— О, лучше бы я умерла! — простонала она. — За что мне такое несчастье? Почему я не могу родить ребенка от любимого мужа? — Обеими руками она сдавила живот и уставилась на него, словно ожидая, что вот-вот выдавит из него ребенка. На этот вопрос у меня существовало сразу несколько ответов, однако я понимала, что ей вряд ли будет приятно выслушивать их. Глубоко вздохнув, я присела рядом с ней на диван и похлопала по вздрагивающему, обтянутому дамаском плечу.

— Луиза… — начала я. — А ты не хотела бы оставить этого ребенка?

Она подняла голову и уставилась на меня, потрясенная.

— Конечно хотела бы! — воскликнула она. — Ведь он… Он от Карла! Он… — Тут лицо ее исказилось, и она спрятала его в ладонях. — Он мой… — прошептала она. Потом после долгой паузы подняла мокрое от слез лицо и в отчаянной попытке успокоиться вытерла нос пышным рукавом платья. — Но это невозможно… Если я не сделаю этого, — она бросила взгляд на рецепт и громко всхлипнула, — Жюль со мной разведется. Он вышвырнет меня на улицу. Разразится грандиозный скандал… В обществе от меня отвернутся.
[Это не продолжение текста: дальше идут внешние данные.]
(* Let $m,n,n_i,r$ be positive integers with $n_i\le n$, $\rho>0$, $\lambda>0$, $M_i\in\mathbb R^{m\times n_i}$. For $U\in\mathbb R^{m\times r}$, $V\in\mathbb R^{n_i\times r}$, $S\in\mathbb R^{m\times n_i}$ let $$\mathcal L_i(U,V,S)=\frac12\|UV^T+S-M_i\|_F^2+\frac{\rho}{2}\Big(\|V\|_F^2+\frac{n_i}{n}\|U\|_F^2\Big)+\lambda\|S\|_1,$$ and $g_i(U)=\inf_{V,S}\mathcal L_i(U,V,S)$. Assume the standing boundedness assumption described in the context. Then $g_i$ is differentiable and, for every $U$, $$\nabla_U g_i(U)=\nabla_U\mathcal L_i(U,V_i^*,S_i^* ),$$ where $(V_i^*,S_i^* )=\arg\min_{V,S}\mathcal L_i(U,V,S)$ is the (unique) minimizer for this $U$.
   Context: $\|S\|_1=\sum_{jk}|S_{jk}|$. Standing assumption (bounded variables): there are constants $C_U,C_V,C_S,C_M$ such that all matrices considered satisfy $\|U\|_F\le C_U$, $\|V\|_F\le C_V$, $\|S\|_F\le C_S$, $\|M_i\|_F\le C_M$ (in particular the minimizers $V_i^*,S_i^*$ obey these bounds). *)

From HB Require Import structures.
From mathcomp Require Import all_boot all_order all_algebra.
From mathcomp Require Import all_classical all_reals all_analysis.
Set Implicit Arguments. Unset Strict Implicit. Unset Printing Implicit Defensive.
Import Order.TTheory GRing.Theory Num.Theory.
Import numFieldNormedType.Exports.
Local Open Scope ring_scope.
Local Open Scope classical_set_scope.

Definition frob {R : realType} {p q : nat} (A : 'M[R]_(p, q)) : R :=
  Num.sqrt (\sum_(i < p) \sum_(j < q) A i j ^+ 2).

Definition l1norm {R : realType} {p q : nat} (A : 'M[R]_(p, q)) : R :=
  \sum_(i < p) \sum_(j < q) `|A i j|.

Definition frob_inner {R : realType} {p q : nat} (G H : 'M[R]_(p, q)) : R :=
  \sum_(i < p) \sum_(j < q) G i j * H i j.

Definition Lobj {R : realType} {m n ni r : nat} (rho lam : R) (M : 'M[R]_(m, ni))
  (U : 'M[R]_(m, r)) (V : 'M[R]_(ni, r)) (S : 'M[R]_(m, ni)) : R :=
  2^-1 * frob (U *m V^T + S - M) ^+ 2
  + rho / 2 * (frob V ^+ 2 + ni%:R / n%:R * frob U ^+ 2)
  + lam * l1norm S.

Definition gfun {R : realType} {m n ni r : nat} (rho lam : R) (M : 'M[R]_(m, ni))
  (U : 'M[R]_(m, r)) : R :=
  inf (range (fun VS : 'M[R]_(ni, r) * 'M[R]_(m, ni) =>
         @Lobj R m n ni r rho lam M U VS.1 VS.2)).

Definition is_minimizer {R : realType} {m n ni r : nat} (rho lam : R) (M : 'M[R]_(m, ni))
  (U : 'M[R]_(m, r)) (V : 'M[R]_(ni, r)) (S : 'M[R]_(m, ni)) : Prop :=
  forall V' S', @Lobj R m n ni r rho lam M U V S <= @Lobj R m n ni r rho lam M U V' S'.

Definition is_gradient {R : realType} {p q : nat} (f : 'M[R]_(p, q) -> R)
  (U G : 'M[R]_(p, q)) : Prop :=
  differentiable f U /\ forall H, 'd f U H = frob_inner G H.

(* For fixed U the objective L U is coercive and strongly convex in (V, S) (the
   ridge term takes care of V and, once V is fixed, the residual term of S), so
   it has a unique minimiser (Vs, Ss).  Expanding in U,
     L (U + H) V S = L U V S + <gradU U V S, H> + |H V^T|^2 / 2 + rho n_i / (2 n) |H|^2,
   so gradU is the partial gradient of L with a nonnegative quadratic remainder,
   and g (U + H) <= L (U + H) Vs Ss bounds g from above.  From below, if
   (V', S') minimises L (U + H), then g (U + H) >= L U V' S' + <gradU U V' S', H>;
   the quadratic growth of L U around (Vs, Ss) absorbs the difference of the two
   gradients by Young's inequality, provided V' stays bounded for |H| <= 1. *)

From HB Require Import structures.
From mathcomp Require Import all_boot all_order all_algebra.
From mathcomp Require Import all_classical all_reals all_analysis.
From mathcomp Require Import ring lra.
Import Order.TTheory GRing.Theory Num.Theory.
Import numFieldNormedType.Exports.
Local Open Scope ring_scope.
Set Implicit Arguments. Unset Strict Implicit. Unset Printing Implicit Defensive.

Section FrobeniusInner.
Variable R : realType.
Implicit Types (p q s : nat).

Definition sqfrob p q (A : 'M[R]_(p, q)) : R := frob_inner A A.

Lemma frob_innerC p q (A B : 'M[R]_(p, q)) : frob_inner A B = frob_inner B A.
Proof. by apply: eq_bigr => i _; apply: eq_bigr => j _; rewrite mulrC. Qed.

Lemma frob_inner_is_linear p q (A : 'M[R]_(p, q)) : linear (frob_inner A).
Proof.
move=> a B C; rewrite /frob_inner scaler_sumr -big_split; apply: eq_bigr => i _.
by rewrite scaler_sumr -big_split; apply: eq_bigr => j _; rewrite !mxE mulrDr mulrCA.
Qed.

HB.instance Definition _ p q (A : 'M[R]_(p, q)) :=
  GRing.isLinear.Build R _ _ _ (frob_inner A) (frob_inner_is_linear A).

Lemma frob_innerDl p q (A B C : 'M[R]_(p, q)) :
  frob_inner (A + B) C = frob_inner A C + frob_inner B C.
Proof. by rewrite frob_innerC linearD /= !(frob_innerC C). Qed.

Lemma frob_innerBl p q (A B C : 'M[R]_(p, q)) :
  frob_inner (A - B) C = frob_inner A C - frob_inner B C.
Proof. by rewrite frob_innerC linearB /= !(frob_innerC C). Qed.

Lemma frob_innerZl p q a (A C : 'M[R]_(p, q)) :
  frob_inner (a *: A) C = a * frob_inner A C.
Proof. by rewrite frob_innerC linearZ /= frob_innerC. Qed.

Lemma frob_inner_trmx p q (A B : 'M[R]_(p, q)) : frob_inner A^T B^T = frob_inner A B.
Proof.
by rewrite /frob_inner exchange_big; apply: eq_bigr => i _; apply: eq_bigr => j _; rewrite !mxE.
Qed.

Lemma frob_inner_mulmxr p q s (A : 'M[R]_(p, q)) (B : 'M[R]_(q, s)) C :
  frob_inner (A *m B) C = frob_inner A (C *m B^T).
Proof.
rewrite /frob_inner; apply: eq_bigr => i _.
under eq_bigr do rewrite mxE mulr_suml.
rewrite exchange_big; apply: eq_bigr => k _; rewrite mxE mulr_sumr.
by apply: eq_bigr => j _; rewrite !mxE -mulrA [C _ _ * _]mulrC.
Qed.

Lemma frob_inner_mulmxl p q s (A : 'M[R]_(p, q)) (B : 'M[R]_(q, s)) C :
  frob_inner (A *m B) C = frob_inner B (A^T *m C).
Proof.
by rewrite -frob_inner_trmx trmx_mul frob_inner_mulmxr trmxK -[RHS]frob_inner_trmx trmx_mul trmxK.
Qed.

Lemma sqfrob_ge0 p q (A : 'M[R]_(p, q)) : 0 <= sqfrob A.
Proof. by apply: sumr_ge0 => i _; apply: sumr_ge0 => j _; rewrite -expr2 sqr_ge0. Qed.


Lemma sqfrob_eq0 p q (A : 'M[R]_(p, q)) : sqfrob A = 0 -> A = 0.
Proof.
move/eqP; rewrite psumr_eq0 => [/allP nullA|i _]; last first.
  by apply: sumr_ge0 => j _; rewrite -expr2 sqr_ge0.
apply/matrixP => i j; rewrite mxE; move: (nullA i (mem_index_enum _)).
rewrite psumr_eq0 => [/allP /(_ j (mem_index_enum _))|k _]; last by rewrite -expr2 sqr_ge0.
by rewrite mulf_eq0 orbb => /eqP.
Qed.

Lemma frob_sqr p q (A : 'M[R]_(p, q)) : frob A ^+ 2 = sqfrob A.
Proof.
rewrite sqr_sqrtr; last by apply: sumr_ge0 => i _; apply: sumr_ge0 => j _; rewrite sqr_ge0.
by apply: eq_bigr => i _; apply: eq_bigr => j _; rewrite expr2.
Qed.

Lemma sqfrob0 p q : sqfrob (0 : 'M[R]_(p, q)) = 0.
Proof. exact: linear0. Qed.

Lemma sqfrobD p q (A B : 'M[R]_(p, q)) :
  sqfrob (A + B) = sqfrob A + 2 * frob_inner A B + sqfrob B.
Proof. by rewrite /sqfrob frob_innerDl !linearD /= (frob_innerC B); ring. Qed.

Lemma sqfrobB p q (A B : 'M[R]_(p, q)) :
  sqfrob (A - B) = sqfrob A - 2 * frob_inner A B + sqfrob B.
Proof. by rewrite /sqfrob frob_innerBl !linearB /= (frob_innerC B); ring. Qed.

Lemma sqfrobZ p q a (A : 'M[R]_(p, q)) : sqfrob (a *: A) = a ^+ 2 * sqfrob A.
Proof. by rewrite /sqfrob frob_innerZl linearZ /= mulrA -expr2. Qed.

Lemma sqfrob_trmx p q (A : 'M[R]_(p, q)) : sqfrob A^T = sqfrob A.
Proof. exact: frob_inner_trmx. Qed.

Lemma frob_inner_young p q a (A B : 'M[R]_(p, q)) : 0 < a ->
  `|frob_inner A B| <= a * sqfrob A + sqfrob B / (4 * a).
Proof.
move=> a_gt0.
have -> : a * sqfrob A + sqfrob B / (4 * a) = ((2 * a) ^+ 2 * sqfrob A + sqfrob B) / (4 * a).
  by field; rewrite gt_eqF.
rewrite ler_pdivlMr ?mulr_gt0 //.
have := sqfrob_ge0 ((2 * a) *: A - B); have := sqfrob_ge0 ((2 * a) *: A + B).
rewrite sqfrobB sqfrobD !sqfrobZ !frob_innerZl.
have [x_ge0|x_lt0] := lerP 0 (frob_inner A B); [rewrite ger0_norm | rewrite ltr0_norm] => //; nra.
Qed.

Lemma frob_inner_sqr_le p q (A B : 'M[R]_(p, q)) :
  frob_inner A B ^+ 2 <= sqfrob A * sqfrob B.
Proof.
have [B0|B_neq0] := eqVneq (sqfrob B) 0.
  by rewrite B0 mulr0 (sqfrob_eq0 B0) linear0 expr0n.
have B_gt0 : 0 < sqfrob B by rewrite lt_def B_neq0 sqfrob_ge0.
have := sqfrob_ge0 (A - (frob_inner A B / sqfrob B) *: B).
rewrite sqfrobB sqfrobZ [frob_inner A _]frob_innerC frob_innerZl (frob_innerC B) -ler_pdivrMr //.
suff -> : sqfrob A - 2 * (frob_inner A B / sqfrob B * frob_inner A B)
   + (frob_inner A B / sqfrob B) ^+ 2 * sqfrob B = sqfrob A - frob_inner A B ^+ 2 / sqfrob B.
  by rewrite subr_ge0.
by field.
Qed.

Lemma sqfrob_mulmx_le p q s (A : 'M[R]_(p, q)) (B : 'M[R]_(q, s)) :
  sqfrob (A *m B) <= sqfrob A * sqfrob B.
Proof.
have entryAB i j : (A *m B) i j = frob_inner (row i A) (col j B)^T.
  by rewrite mxE /frob_inner big_ord1; apply: eq_bigr => k _; rewrite !mxE.
have sumA : sqfrob A = \sum_i sqfrob (row i A).
  by apply: eq_bigr => i _; rewrite /sqfrob /frob_inner big_ord1; apply: eq_bigr => k _; rewrite !mxE.
have sumB : sqfrob B = \sum_j sqfrob (col j B)^T.
  rewrite /sqfrob /frob_inner exchange_big; apply: eq_bigr => j _.
  by rewrite big_ord1; apply: eq_bigr => k _; rewrite !mxE.
rewrite sumA sumB mulr_suml {1}/sqfrob /frob_inner.
apply: ler_sum => i _; rewrite mulr_sumr; apply: ler_sum => j _.
by rewrite -expr2 entryAB frob_inner_sqr_le.
Qed.

Lemma sqr_entry_le_sqfrob p q (A : 'M[R]_(p, q)) i j : A i j ^+ 2 <= sqfrob A.
Proof.
rewrite /sqfrob /frob_inner (bigD1 i) //= (bigD1 j) //= -addrA expr2 lerDl.
by apply: addr_ge0; apply: sumr_ge0 => *; rewrite ?sumr_ge0 // => *; rewrite -expr2 sqr_ge0.
Qed.

Lemma l1norm_ge0 p q (A : 'M[R]_(p, q)) : 0 <= l1norm A.
Proof. by apply: sumr_ge0 => i _; apply: sumr_ge0. Qed.

Lemma normr_entry_le_l1norm p q (A : 'M[R]_(p, q)) i j : `|A i j| <= l1norm A.
Proof.
rewrite /l1norm (bigD1 i) //= (bigD1 j) //= -addrA lerDl.
by apply: addr_ge0; apply: sumr_ge0 => *; rewrite ?sumr_ge0.
Qed.

Lemma l1norm_midpoint p q (A B : 'M[R]_(p, q)) :
  2 * l1norm (2^-1 *: (A + B)) <= l1norm A + l1norm B.
Proof.
rewrite /l1norm -big_split mulr_sumr; apply: ler_sum => i _.
rewrite -big_split mulr_sumr; apply: ler_sum => j _ /=.
by rewrite !mxE normrM ger0_norm // mulrA divff // mul1r ler_normD.
Qed.

End FrobeniusInner.

Section Continuity.
Variables (R : realType) (T : topologicalType).

Lemma sum_continuous (I : finType) (f : I -> T -> R) :
  (forall i, continuous (f i)) -> continuous (fun x => \sum_i f i x).
Proof. by move=> f_cont; apply: (continuous_big add_continuous) => i _. Qed.

Lemma sqfrob_comp_continuous p q (F : T -> 'M[R]_(p, q)) :
  (forall i j, continuous (fun x => F x i j)) -> continuous (fun x => sqfrob (F x)).
Proof.
move=> F_cont; apply: sum_continuous => i; apply: sum_continuous => j x.
by apply: cvgM; apply: F_cont.
Qed.

Lemma l1norm_comp_continuous p q (F : T -> 'M[R]_(p, q)) :
  (forall i j, continuous (fun x => F x i j)) -> continuous (fun x => l1norm (F x)).
Proof.
move=> F_cont; apply: sum_continuous => i; apply: sum_continuous => j x.
exact/(continuous_comp (F_cont i j x))/norm_continuous.
Qed.

End Continuity.

Lemma rV_continuous_attains_min (R : realType) N (phi : 'rV[R]_N -> R) w0 (B : R) :
  continuous phi -> (forall w, phi w <= phi w0 -> forall k, `|w ord0 k| <= B) ->
  exists w, forall w', phi w <= phi w'.
Proof.
move=> phi_cont bounded.
pose K := [set w : 'rV[R]_N | forall k, `[- B, B]%classic (w ord0 k)]%classic.
have inK w : phi w <= phi w0 -> K w.
  by move=> /bounded wB k; rewrite /= in_itv /= -ler_norml.
have K_compact : compact K.
  by apply: (@rV_compact _ _ (fun=> `[- B, B]%classic)) => _; exact: segment_compact.
have K_ne : (K !=set0)%classic by exists w0; apply: inK.
have [c _ c_min] := compact_EVT_min K_ne K_compact (continuous_subspaceT phi_cont).
exists c => w; have [/inK Kw|w0_lt] := lerP (phi w) (phi w0); first exact/c_min/mem_set.
exact/(le_trans (c_min _ (mem_set (inK _ (lexx _)))))/ltW.
Qed.

(* Compactness of coordinate boxes is available for row vectors, so pairs of
   matrices are flattened into a single row. *)
Section RowEncoding.
Variables (R : realType) (p1 q1 p2 q2 : nat).
Local Notation N := (p1 * q1 + p2 * q2)%N.

Definition rV_fst (w : 'rV[R]_N) : 'M[R]_(p1, q1) :=
  \matrix_(i, j) w ord0 (lshift _ (mxvec_index i j)).

Definition rV_snd (w : 'rV[R]_N) : 'M[R]_(p2, q2) :=
  \matrix_(i, j) w ord0 (rshift _ (mxvec_index i j)).

Definition rV_pair (A : 'M[R]_(p1, q1)) (B : 'M[R]_(p2, q2)) : 'rV[R]_N :=
  row_mx (mxvec A) (mxvec B).

Lemma rV_fst_pair A B : rV_fst (rV_pair A B) = A.
Proof. by apply/matrixP => i j; rewrite mxE row_mxEl mxvecE. Qed.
Даже отец не сможет защитить меня!

— Да, — кивнула я. — Однако… — Долю секунды я колебалась, затем все же решилась: — А что, если попробовать убедить Жюля, что это его ребенок?

Она впала в глубокую задумчивость. Я потрясла ее за плечо.

— Но я не вижу, как… О! — Тут ее осенило, и она с ужасом уставилась на меня. — Разве что переспать с Жюлем? Но Карл будет в ярости!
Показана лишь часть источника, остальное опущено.